A Palm Beach art dealer was sentenced to more than two years in prison this week after pleading guilty to laundering money from the sale of counterfeit works by top-notch artists, including Andy Warhol, Jean- Michel Basquiat and Roy Lichtenstein.
Daniel Elie Bouaziz, owner of Danieli Fine Art and Galerie Danieli in Palm Beach County, was sentenced to 27 months in federal prison followed by three years of probation. Bouaziz was also ordered by U.S. District Judge Aileen M. Cannon to pay a $15,000 fine. Prosecutors dropped 16 other charges related to fraud and embezzlement as part of a plea deal.
Bouaziz pleaded guilty in February and admitted to knowingly participating in an interstate commerce of more than $10,000 from the sale of counterfeit artwork, which amounts to a violation of wire fraud. The Justice Department said Boaziz bought reproductions at bargain prices and sold them as originals for a markup, sometimes with fake invoices and provenance documents to trick customers into thinking the works were authentic. Bouaziz’s clients unknowingly purchased the fraudulent artwork “for tens of thousands, if not hundreds of thousands of dollars,” the DOJ said last October.

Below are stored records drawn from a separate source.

Lemma fx_low x delta : (forall a, exp2 eta <= a -> x a = 0%R) ->
  fx A x delta = (\sum_(t <- subseqs (lo (L delta))) x (oval t))%R.
Proof.
move=> hx; have uhi := filter_uniq (>= eta) (decr_uniq (L_decr delta)).
rewrite fx_split (bigD1_seq [::]) ?mem_subseqs ?sub0seq ?subseqs_uniq //=.
rewrite [X in (_ + X)%R]big1_seq ?addr0 // => -[|e t1] /andP [// _].
rewrite mem_subseqs subseq_filter => /andP [/andP [le_e _] _].
apply: big1 => t2 _; apply: hx; rewrite /= (le_trans _ (ole_addr _ _)) //.
by rewrite oexp2_le2.
Qed.

Lemma fx_shift x y P delta : nf_ge P -> fsub A P delta ->
  (forall a, a < exp2 eta -> y (P +o a) = x a) ->
  (forall c, (forall a, a < exp2 eta -> c <> P +o a) -> y c = 0%R) ->
  fx A y delta = (\sum_(t <- subseqs (lo (L delta))) x (oval t))%R.
Proof.
move=> hP Pdelta hy1 hy0; have dL := L_decr delta.
have uhi := filter_uniq (>= eta) (decr_uniq dL).
have P_hi : subseq (L P) (hi (L delta)).
  apply: decr_subset_subseq (L_decr P) (sorted_filter gtO_trans _ dL) _ => e eP.
  by rewrite mem_filter (allP hP e eP) Pdelta.
rewrite fx_split (bigD1_seq (L P)) ?mem_subseqs ?subseqs_uniq //=.
rewrite [X in (_ + X)%R]big1_seq ?addr0; last first.
  move=> t1 /andP [ne]; rewrite mem_subseqs => s1.
  apply: big1_seq => t2 /andP [_]; rewrite mem_subseqs => s2.
  apply: hy0 => a lt_a E; move/eqP: ne; apply.
  by rewrite -(hi_L_oval_cat dL s1 s2) E hi_L_add.
apply: eq_big_seq => t2; rewrite mem_subseqs => s2; rewrite oval_cat LK hy1 //.
rewrite oval_ltE ?(subseq_sorted gtO_trans s2) ?(sorted_filter gtO_trans) //.
by move: s2; rewrite subseq_filter => /andP [].
Qed.

End Truncation.
End Ordinals.

Theorem mainTheorem4 (d : Order.disp_t) (O : orderType d)
  (HO : infinite_cardinal_order O) (A : ordinal_arith O)
  (R : realDomainType) (HR : discretely_ordered R)
  (E : euclidean_integers A R)
  (eta gamma : O) (x y : O -> int)
  (hx : forall a, (oexp2 A eta <= a)%O -> x a = 0%R)
  (hy1 : forall a, (a < oexp2 A eta)%O ->
           y (oadd A (omul A (oexp2 A eta) gamma) a) = x a)
  (hy0 : forall delta, (forall a, (a < oexp2 A eta)%O ->
           delta <> oadd A (omul A (oexp2 A eta) gamma) a) -> y delta = 0%R) :
  Sig E x = Sig E y.
Proof.
have fx_xy delta :
    fsub A (omul A (oexp2 A eta) gamma) delta -> fx A x delta = fx A y delta.
  move=> sub; rewrite (fx_low HO _ hx).
  by rewrite (fx_shift HO (nf_ge_mul HO A eta gamma) sub hy1 hy0).
apply/eqP; rewrite eq_le; apply/andP; split; apply: Sig_CA;
  by exists (omul A (oexp2 A eta) gamma) => delta /fx_xy ->.
Qed.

Bouaziz sold what he claimed were authentic and original works by Andy Warhol, priced between $75,000 and $240,000, in October 2022. After the client put down a deposit of $200,000, Bouaziz mixed the money with other funds and wired the money to other accounts. Bouaziz also tried to sell works he claimed were originals by artists like Banksy, Lichtenstein and Basquiat. When Bouaziz was first charged in October, the dealer had a fake Basquiat on sale for $12 million at Danieli Fine Art, according to the DOJ.
A restitution hearing for Bouaziz has been set for August 16.
Last year the FBI raided the Orlando Museum of Art during a Basquiat exhibition and seized 25 allegedly forged paintings attributed to the artist. A Los Angeles-based auctioneer admitted last month that he helped create and market the fake works.